= Anton Hirschig =

Dutch painter

Antonius (Anton) Matthias Hirschig (18 February 1867, Naarden - 6 November 1939, Alkmaar), also known as Tony or Tom, was a Dutch artist who, as a young man, lodged with Vincent van Gogh at the Auberge Ravoux in Auvers-sur-Oise at the time of Van Gogh's death in 1890.

==Biography==
Antonius Matthias Hirschig was born on 18 February 1867 in Naarden, a town in the province of North Holland in the Netherlands. He was the son of Christianus Jacobus Johannes Hirsching and Anna Swart. His father was an Amsterdam trained physician in the Dutch Royal Navy and his grandfather Antonius Hirschig was a rector of the Latin academy in Alkmaar. Hirschig's paternal aunts Adriana Wilhelmina Hirschig and Jacoba Gysberta Hirschig married into the wealthy de Lange banking family of Alkmaar as did Hirschig's sister Anna in a consanguineous marriage to a son of Jacoba Gysberta.

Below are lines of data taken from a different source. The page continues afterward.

Lemma label_pair_circ (Pl Ql Pm Qm : Z -> Prop) j :
  ((forall k, k <> j -> k <> j + 1 -> label_of (Pm k) (Qm k) = label_of (Pl k) (Ql k)) /\
   cases_circ (label_of (Pm j) (Qm j)) (label_of (Pm (j + 1)) (Qm (j + 1)))
              (label_of (Pl j) (Ql j)) (label_of (Pl (j + 1)) (Ql (j + 1)))) <->
  moves Ql Qm j (j + 1) /\ (forall z, Pm z <-> Pl z).
Proof.
  rewrite cases_circ_label_of; unfold moves; setoid_rewrite label_of_eq_iff.
  split.
  - intros (Hoff & Hm0 & Hm1 & Hl0 & Hl1 & Hp0 & Hp1).
    split; [do 4 (split; [assumption|])|].
    + intros z Hz0 Hz1; apply Hoff; assumption.
    + intros z; destruct (Z.eq_dec z j) as [->|Hz0]; [assumption|].
      destruct (Z.eq_dec z (j + 1)) as [->|Hz1]; [assumption|].
      apply Hoff; assumption.
  - intros ((Hl0 & Hl1 & Hm1 & Hm0 & Hoff) & HP).
    pose proof (HP j); pose proof (HP (j + 1)).
    split; [|tauto]; intros k Hk0 Hk1; auto.
Qed.

Lemma differ_at_pair_bullet_iff (delta : Z) (lam mu : bipartition) :
  differ_at_pair lam mu delta cases_bullet <->
  exists j, moves (I_wedge lam) (I_wedge mu) (j + 1) j /\
            (forall z, I_vee mu delta z <-> I_vee lam delta z).
Proof.
  pose proof (label_pair_bullet (I_wedge lam) (I_vee lam delta)
                (I_wedge mu) (I_vee mu delta)) as Hpair.
  split; intros [j Hj]; exists j; apply Hpair, Hj.
Qed.

Lemma differ_at_pair_circ_iff (delta : Z) (lam mu : bipartition) :
  differ_at_pair lam mu delta cases_circ <->
  exists j, moves (I_vee lam delta) (I_vee mu delta) j (j + 1) /\
            (forall z, I_wedge mu z <-> I_wedge lam z).
Proof.
  pose proof (label_pair_circ (I_wedge lam) (I_vee lam delta)
                (I_wedge mu) (I_vee mu delta)) as Hpair.
  split; intros [j Hj]; exists j; apply Hpair, Hj.
Qed.

Theorem proposition2p1 (delta : Z) (lam mu : bipartition) :
  is_bipartition lam -> is_bipartition mu ->
  (Rem_bullet lam mu <-> differ_at_pair lam mu delta cases_bullet) /\
  (Rem_circ lam mu <-> differ_at_pair lam mu delta cases_circ).
Proof.
  intros Hlam Hmu; split.
  - rewrite (Rem_bullet_iff delta lam mu Hlam Hmu), differ_at_pair_bullet_iff.
    firstorder.
  - rewrite (Rem_circ_iff delta lam mu Hlam Hmu), differ_at_pair_circ_iff.
    firstorder.
Qed.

In addition Hirschig's brother Adrianus Jacobus Hirschig was a successful civil engineer (he built sea dykes) who became extremely wealthy in his own right (wealthy enough to own a considerable country house 'Postwyck' in Baambrugge).

Hirschig's own financial circumstances are not documented nor is a profession or occupation documented for him other than 'kunstschilder' (artist) in the Hirschig genealogy deposited in the de Lange archive in Alkmaar in 1958. However Hirschig may well have come into money from his mother Anna Swart. Her father Jacob Swart was a director of the noted Amsterdam chartmaking firm Van Keulen and carried on the business after the death of its last founding family member. The firm was liquidated in 1885. After Anna Swart's death, Anton Hirschig's father married her sister Catharina Swart.

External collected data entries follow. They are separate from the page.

Lemma cvg_sign_of_sqr k :
  {within `[0, +oo[, continuous k} -> (forall t : R, 0 <= t -> k t != 0) ->
  k t ^+ 2 @[t --> +oo] --> (1 : R) ->
  exists2 s : R, (s = 1 \/ s = -1) & k t @[t --> +oo] --> s.
Proof.
move=> ck k_neq0 k2_cvg; have [s s_pm sk_gt0] := continuous_nonzero_sign _ ck k_neq0.
exists s => //.
have kE t : 0 <= t -> k t = s * Num.sqrt (k t ^+ 2).
  move=> t0; have := sk_gt0 t t0; rewrite sqrtr_sqr.
  case: s_pm => ->; rewrite ?mul1r ?mulN1r => skt.
    by rewrite gtr0_norm.
  by rewrite ltr0_norm -?oppr_gt0 // opprK.
have : s * Num.sqrt (k t ^+ 2) @[t --> +oo] --> s * Num.sqrt 1.
  exact: cvgMl_tmp (cvg_comp _ _ k2_cvg (@sqrt_continuous R 1)).
rewrite sqrtr1 mulr1; apply: cvg_trans.
by apply: near_eq_cvg; near=> t; rewrite -kE.
Unshelve. all: by end_near. Qed.

End ScalarODE.

Section OjaFlow.
Context {R : realType} {n : nat} (A : 'M[R]_n).

Lemma oja_rhsE (u : 'cV[R]_n) : oja_rhs A u = A *m u - dotc u (A *m u) *: u.
Proof.
rewrite /oja_rhs -mulmxA mulmxBl mul1mx -!mulmxA; congr (_ - _).
by rewrite [_^T *m _]mx11_scalar mul_mx_scalar.
Qed.

Lemma dotc_oja_rhs (u : 'cV[R]_n) :
  dotc u (oja_rhs A u) = dotc u (A *m u) * (1 - dotc u u).
Proof. by rewrite oja_rhsE /dotc mulmxBr -scalemxAr !mxE; ring. Qed.

Lemma oja_sqnorm_invariant (U : R -> 'cV[R]_n) :
  {within `[0, +oo[, continuous U} ->
  (forall t : R, 0 < t -> is_derive t 1 U (oja_rhs A (U t))) ->
  dotc (U 0) (U 0) = 1 -> forall t : R, 0 <= t -> dotc (U t) (U t) = 1.
Proof.
move=> cU dU U0 t t0; apply/eqP; rewrite -subr_eq0 -oppr_eq0 opprB; apply/eqP.
apply: (@linear_ode_zero _ (fun s => 1 - dotc (U s) (U s))
                           (fun s => - 2 * dotc (U s) (A *m U s))) t t0.
- apply: within_continuous_sub; first exact: within_continuous_cst.
  have -> : (fun s => dotc (U s) (U s)) = fun s => dotc (U s) (1%:M *m U s).
    by apply/funext => s; rewrite mul1mx.
  exact: within_continuous_dotc_mulmx.
- apply: within_continuous_mul; first exact: within_continuous_cst.
  exact: within_continuous_dotc_mulmx.
- move=> s s0.
  apply: is_derive_eq (is_deriveB (is_derive_cst (1 : R) s 1)
                                  (is_derive_dotc (dU s s0) (dU s s0))) _.
  by rewrite dotcC dotc_oja_rhs sub0r; ring.
- by rewrite U0 subrr.
Qed.

Lemma oja_eigen_coord (Psi : 'M[R]_n) (d : 'rV[R]_n) (U : R -> 'cV[R]_n)
    (t : R) i :
  Psi \in unitmx -> A *m Psi = Psi *m diag_mx d ->
  is_derive t 1 U (oja_rhs A (U t)) ->
  is_derive t 1 (fun s => (invmx Psi *m U s) i 0)
    ((d 0 i - dotc (U t) (A *m U t)) * (invmx Psi *m U t) i 0).
Proof.
move=> Psi_unit APsi dU.
have PA : invmx Psi *m A = diag_mx d *m invmx Psi.
  by rewrite -{1}(mulmxK Psi_unit A) APsi !mulmxA mulVmx // mul1mx.
apply: is_derive_eq (is_derive_mxE i 0 (is_derive_mulmx (invmx Psi) dU)) _.
by rewrite oja_rhsE mulmxBr mulmxA PA -mulmxA -scalemxAr mul_diag_mx !mxE mulrBl.
Qed.

End OjaFlow.

Section PlaneEigenvectors.
Context {F : fieldType} {n : nat}.

Lemma sum_ord2 (V : nmodType) (f : 'I_2 -> V) :
  \sum_(i < 2) f i = f ord0 + f ord_max.
Proof. by rewrite big_ord_recr big_ord1; congr (f _ + _); exact: val_inj. Qed.

Lemma ord2P (i : 'I_2) : i = ord0 \/ i = ord_max.
Proof. by case: i => [[|[|//]] ?]; [left|right]; exact: val_inj. Qed.

Lemma cV2_eta (k : 'cV[F]_2) : k = vec2 (k ord0 0) (k ord_max 0).
Proof. by apply/matrixP => i j; rewrite (ord1 j) mxE; case: (ord2P i) => ->. Qed.

Lemma row_mx2_col0 (psi1 psi2 : 'cV[F]_n) i : row_mx psi1 psi2 i ord0 = psi1 i 0.
Proof. by rewrite -(row_mxEl psi1 psi2 i 0); congr (row_mx _ _ _ _); exact: val_inj. Qed.

Lemma row_mx2_col1 (psi1 psi2 : 'cV[F]_n) i :
  row_mx psi1 psi2 i ord_max = psi2 i 0.
Proof. by rewrite -(row_mxEr psi1 psi2 i 0); congr (row_mx _ _ _ _); exact: val_inj. Qed.

Lemma mulmx_row_mx2 (psi1 psi2 : 'cV[F]_n) (k : 'cV[F]_2) :
  row_mx psi1 psi2 *m k = k ord0 0 *: psi1 + k ord_max 0 *: psi2.
Proof.
apply/matrixP => i j; rewrite (ord1 j) mxE sum_ord2 row_mx2_col0 row_mx2_col1.
by rewrite !mxE mulrC [_ * k _ _]mulrC.
Qed.

Lemma row_mx2_gram00 (psi1 psi2 : 'cV[F]_n) :
  ((row_mx psi1 psi2)^T *m row_mx psi1 psi2) ord0 ord0 = dotc psi1 psi1.
Proof.
by rewrite mxE /dotc mxE; apply: eq_bigr => i _; rewrite ![_^T _ _]mxE row_mx2_col0.
Qed.

Lemma row_mx2_gram11 (psi1 psi2 : 'cV[F]_n) :
  ((row_mx psi1 psi2)^T *m row_mx psi1 psi2) ord_max ord_max = dotc psi2 psi2.
Proof.
by rewrite mxE /dotc mxE; apply: eq_bigr => i _; rewrite ![_^T _ _]mxE row_mx2_col1.
Qed.

Context {A : 'M[F]_n} {l1 l2 : F} {psi1 psi2 : 'cV[F]_n}.
Hypotheses (Apsi1 : A *m psi1 = l1 *: psi1) (Apsi2 : A *m psi2 = l2 *: psi2).

Lemma row_mx2_eigen :
  A *m row_mx psi1 psi2 = row_mx psi1 psi2 *m diag_mx (vec2 l1 l2)^T.
Proof.
rewrite mul_mx_row Apsi1 Apsi2 mul_mx_diag; apply/matrixP => i j; rewrite mxE.
by case: (ord2P j) => ->; rewrite ?row_mx2_col0 ?row_mx2_col1 !mxE mulrC.
Qed.

Lemma eigen_comb_eq0 (a b : F) :
  l1 != l2 -> psi1 != 0 -> psi2 != 0 -> a *: psi1 + b *: psi2 = 0 -> a = 0 /\ b = 0.
Proof.
move=> l12 psi1_neq0 psi2_neq0 ab0.
have : A *m (a *: psi1 + b *: psi2) - l2 *: (a *: psi1 + b *: psi2)
       = (a * (l1 - l2)) *: psi1.
  rewrite mulmxDr -!scalemxAr Apsi1 Apsi2 scalerDr !scalerA mulrBr scalerBl opprD.
  by rewrite addrACA [l2 * b]mulrC subrr addr0 [l2 * a]mulrC.
rewrite ab0 mulmx0 scaler0 subrr => /esym/eqP.
rewrite scaler_eq0 (negPf psi1_neq0) orbF mulf_eq0 subr_eq0 (negPf l12) orbF.
move=> /eqP a0; split=> //; move: ab0; rewrite a0 scale0r add0r => /eqP.
by rewrite scaler_eq0 (negPf psi2_neq0) orbF => /eqP.
Qed.

End PlaneEigenvectors.

Lemma row_mx2_eigen_unitmx {F : fieldType} {A : 'M[F]_2} {l1 l2 : F}
    {psi1 psi2 : 'cV[F]_2} :
  A *m psi1 = l1 *: psi1 -> A *m psi2 = l2 *: psi2 ->
  l1 != l2 -> psi1 != 0 -> psi2 != 0 -> row_mx psi1 psi2 \in unitmx.
Proof.
move=> Apsi1 Apsi2 l12 psi1_neq0 psi2_neq0.
rewrite -unitmx_tr -row_free_unit; apply: inj_row_free => v /(congr1 trmx).
rewrite trmx_mul trmxK trmx0 mulmx_row_mx2.
move=> /(eigen_comb_eq0 Apsi1 Apsi2 _ _ l12 psi1_neq0 psi2_neq0)[v0 v1].
by apply/rowP => j; rewrite mxE; case: (ord2P j) => ->; [move: v0|move: v1]; rewrite mxE.
Qed.

Section TwoModes.
Context {R : realType} {n : nat}.

Lemma row_mx2_coord0_neq0 (psi1 psi2 : 'cV[R]_n) (k : 'cV[R]_2) :
  dotc psi2 psi2 = 1 ->
  dotc (row_mx psi1 psi2 *m k) (row_mx psi1 psi2 *m k) = 1 ->
  (forall s : R, (s = 1 \/ s = -1) -> k != vec2 0 s) -> k ord0 0 != 0.
Proof.
move=> psi2_1 u_1 k_neq; apply/negP => /eqP k0.
have /eqP : k ord_max 0 ^+ 2 = 1.
  by rewrite -u_1 mulmx_row_mx2 k0 scale0r add0r dotcZ psi2_1 mulr1.
rewrite sqrf_eq1 => /orP[]/eqP k1;
  [have := k_neq 1 (or_introl erefl) | have := k_neq (-1) (or_intror erefl)];
  by rewrite {1}[k]cV2_eta k0 k1 eqxx.
Qed.

Lemma two_mode_cvg (k0 k1 q : R -> R) (l1 l2 : R) (psi1 psi2 : 'cV[R]_n) :
  l2 < l1 ->
  {within `[0, +oo[, continuous k0} -> {within `[0, +oo[, continuous k1} ->
  {within `[0, +oo[, continuous q} ->
  (forall t : R, 0 < t -> is_derive t 1 k0 ((l1 - q t) * k0 t)) ->
  (forall t : R, 0 < t -> is_derive t 1 k1 ((l2 - q t) * k1 t)) ->
  dotc psi1 psi1 = 1 -> k0 0 != 0 ->
  (forall t : R, 0 <= t ->
     dotc (k0 t *: psi1 + k1 t *: psi2) (k0 t *: psi1 + k1 t *: psi2) = 1) ->
  exists2 s : R, (s = 1 \/ s = -1) &
    k0 t *: psi1 + k1 t *: psi2 @[t --> +oo] --> s *: psi1.
Proof.
move=> l21 ck0 ck1 cq dk0 dk1 psi1_1 k00_neq0 U_1.
pose r := k1 0 / k0 0; pose v t := psi1 + (r * expR (- ((l1 - l2) * t))) *: psi2.
have UE t : 0 <= t -> k0 t *: psi1 + k1 t *: psi2 = k0 t *: v t.
  move=> t0; rewrite scalerDr scalerA; congr (_ + _ *: _).
  have := modes_ratio _ _ _ _ _ ck0 ck1 cq dk0 dk1 t t0; rewrite /r expRN => ratio.
  apply: (mulfI k00_neq0); apply: (mulIf (lt0r_neq0 (expR_gt0 ((l1 - l2) * t)))).
  by rewrite ratio; field; rewrite k00_neq0 lt0r_neq0 ?expR_gt0.
have v_cvg : v t @[t --> +oo] --> psi1.
  rewrite -[X in _ --> X]addr0 -[X in _ + X](scale0r psi2) -[X in X *: psi2](mulr0 r).
  apply: cvgD; first exact: cvg_cst.
  by apply: cvgZr_tmp; apply: cvgMl_tmp; apply: cvg_expRNM; rewrite subr_gt0.
have vv_cvg : dotc (v t) (v t) @[t --> +oo] --> (1 : R).
  have -> : (fun t => dotc (v t) (v t)) = (fun u => dotc u (1%:M *m u)) \o v.
    by apply/funext => t /=; rewrite mul1mx.
  suff : ((fun u => dotc u (1%:M *m u)) \o v) t @[t --> +oo] -->
         dotc psi1 (1%:M *m psi1) by rewrite mul1mx psi1_1.
  exact: cvg_comp v_cvg (continuous_dotc_mulmx 1%:M psi1).
have k0_sqr t : 0 <= t -> k0 t ^+ 2 * dotc (v t) (v t) = 1.
  by move=> t0; rewrite -dotcZ -UE // U_1.
have k0_neq0 t : 0 <= t -> k0 t != 0.
  move=> t0; apply: contra_eq_neq (k0_sqr t t0) => ->.
  by rewrite expr0n mul0r eq_sym oner_neq0.
have k0_sqr_cvg : k0 t ^+ 2 @[t --> +oo] --> (1 : R).
  rewrite -[1 : R]invr1; apply: cvg_trans (cvgV (oner_neq0 R) vv_cvg).
  by apply: near_eq_cvg; near=> t; apply: mulr1_eq; rewrite mulrC k0_sqr.
have [s s_pm k0_cvg] := cvg_sign_of_sqr _ ck0 k0_neq0 k0_sqr_cvg.
exists s => //; apply: cvg_trans (cvgZ k0_cvg v_cvg).
by apply: near_eq_cvg; near=> t; rewrite UE.
Unshelve. all: by end_near. Qed.

End TwoModes.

Anton's other brother Jacob Hirschig was an artillery officer and he is listed as an 'amateurschilder' (amateur painter) in Pieter Scheen's monumental Lexicon Nederlandse Beeldende Kunstenaars 1750 - 1950. There was another sister Matthia Hirschig with whom Anton Hirschig is confused in the first (1969) edition of Scheen's lexicon.

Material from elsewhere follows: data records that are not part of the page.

(* Let $\{a_n\}_{n\ge1}$ be a sequence of nonzero complex numbers and let $w_n(z)$ ($n\ge0$) be the $n$-th approximant of the continued fraction $$\cfrac{a_1}{z-\cfrac{a_2}{1-\cfrac{a_3}{z-\cfrac{a_4}{1-\cdots}}}}$$ (partial denominators alternately $z$ and $1$; $w_0=0$). Then: (1) $w_n(z)$ is a rational function of degree $\lfloor\frac{n+1}{2}\rfloor$; for $n\ge1$, $w_n(z)\sim\frac{a_1}{z}$ and $w_n(z)-w_{n-1}(z)\sim\frac{a_1a_2\cdots a_n}{z^n}$ $(z\to\infty)$; in particular $\{w_n(z)-w_{n-1}(z)\}_{n\ge1}$ is an asymptotic sequence at $\infty$. Moreover $w_{2n}(z)$ coincides with the $n$-th approximant of the continued fraction $$\cfrac{a_1}{z-a_2-\cfrac{a_2a_3}{z-a_3-a_4-\cfrac{a_4a_5}{z-a_5-a_6-\cdots}}}.$$ (2) Let $f(z)$ be a complex-valued function defined on an unbounded subset $\mathfrak X$ of $\mathbb C\cup\{\infty\}$. The following are equivalent: (a) $f(z)\sim \cfrac{a_1}{z-\cfrac{a_2}{1-\cfrac{a_3}{z-\cfrac{a_4}{1-\cdots}}}}$ $(z\to\infty)_{\mathfrak X}$; (b) $f(z)\sim \cfrac{a_1}{z-a_2-\cfrac{a_2a_3}{z-a_3-a_4-\cfrac{a_4a_5}{z-a_5-a_6-\cdots}}}$ $(z\to\infty)_{\mathfrak X}$; (c) $f(z)-w_n(z)\sim\frac{a_1a_2\cdots a_{n+1}}{z^{n+1}}$ $(z\to\infty)_{\mathfrak X}$ for all $n\ge0$; (d) $f(z)-w_n(z)=O(z^{-(n+1)})$ $(z\to\infty)_{\mathfrak X}$ for all $n\ge0$; (e) $f(z)-w_n(z)=O(z^{-(n+1)})$ $(z\to\infty)_{\mathfrak X}$ for infinitely many $n\ge0$; (f) for every $n\ge0$, $w_{2n}(z)$ is the unique rational function $w(z)\in\mathbb C(z)$ of degree at most $n$ with $f(z)-w(z)=O(z^{-(2n+1)})$ $(z\to\infty)_{\mathfrak X}$; (g) for every $n\ge1$, $w_{2n}(z)$ is the unique Padé approximant of $f(z)$ over $\mathfrak X$ at $z=\infty$ of order $[n-1,n]$. (3) If the equivalent conditions in (2) hold, then the best rational approximations of $f(z)$ over $\mathfrak X$ are precisely the even-indexed approximants $w_{2n}(z)$, $n\ge0$.
   Context: Asymptotic relations are as $z\to\infty$ within $\mathfrak X$: $f=O(g)$ if $|f|\le M|g|$ on a punctured neighbourhood of $\infty$ (intersected with $\mathfrak X$) for some $M>0$; $f=o(g)$ if for every $M>0$; $f\sim g$ if $f-g=o(g)$ and $g-f=o(f)$. Asymptotic sequence: $\varphi_{n+1}=o(\varphi_n)$ for all $n$. For a continued fraction $K$ with approximants $v_m$ ($v_0=0$), $f\sim K$ means $\{v_m-v_{m-1}\}_{m\ge1}$ is an asymptotic sequence and $f-v_m=O(v_{m+1}-v_m)$ for all $m\ge0$. Degree of a rational function: max of degrees of numerator and denominator in lowest terms. A best rational approximation of $f$ over $\mathfrak X$ is a $w\in\mathbb C(z)$ that is the unique $v\in\mathbb C(z)$ of degree $\le\deg w$ with $f-v=O(f-w)$ $(z\to\infty)_{\mathfrak X}$. The Padé approximant of $f$ over $\mathfrak X$ at $\infty$ of order $[n-1,n]$ is the unique $g/h$ with $\deg g\le n-1$, $h\ne0$, $\deg h\le n$, and $f-g/h=O(z^{-(2n+1)})$ $(z\to\infty)_{\mathfrak X}$. *)

From HB Require Import structures.
From mathcomp Require Import all_boot all_order all_algebra.
From mathcomp Require Import reals complex.
Set Implicit Arguments. Unset Strict Implicit. Unset Printing Implicit Defensive.
Import Order.TTheory GRing.Theory Num.Theory.
Local Open Scope ring_scope.
Notation "x %:F" := (@FracField.tofrac _ x) (format "x %:F") : ring_scope.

There was a family connection with the Dutch painter Anton Mauve. His mother Elisabeth Margaretha Hirschig was a first cousin twice removed of Anton Hirschig. In addition, Mauve himself was married to Ariëtte (Jet) Sophia Jeannette Carbentus, a first cousin of Vincent van Gogh, and Mauve offered early encouragement and instruction to Van Gogh. It does seem likely therefore that Anton Hirschig's introduction to Van Gogh was facilitated by these family connections (however Theo van Gogh in his letter of 15 June 1890 to Vincent says that De Bock had introduced him).

Jacoba Gysberta Hirschig is a great-grandmother of Pieter van Vollenhoven, the husband of Princess Margriet of the Netherlands. The Hirschig family itself originated with a Swiss mercenary soldier Samuel Hirsig from Amsoldingen, who settled in Breda, Netherlands, with his wife Catharina Luginbuhl (Logebuli) from Grosshöchstetten, before 1757 with the Stürler regiment. His son Jacobus Christiaan in Hirschig's line became a minister in the Dutch Reformed Church and other members of the Hirschig family gained prominence as classics scholars, for example Willem Adrianus Hirschig provided a translation (in decent Latin) of the popular but raunchy Ancient Greek romance Leucippe and Clitophon in his Erotici Scriptores (Paris, 1856). The family name Hirschig is now defunct.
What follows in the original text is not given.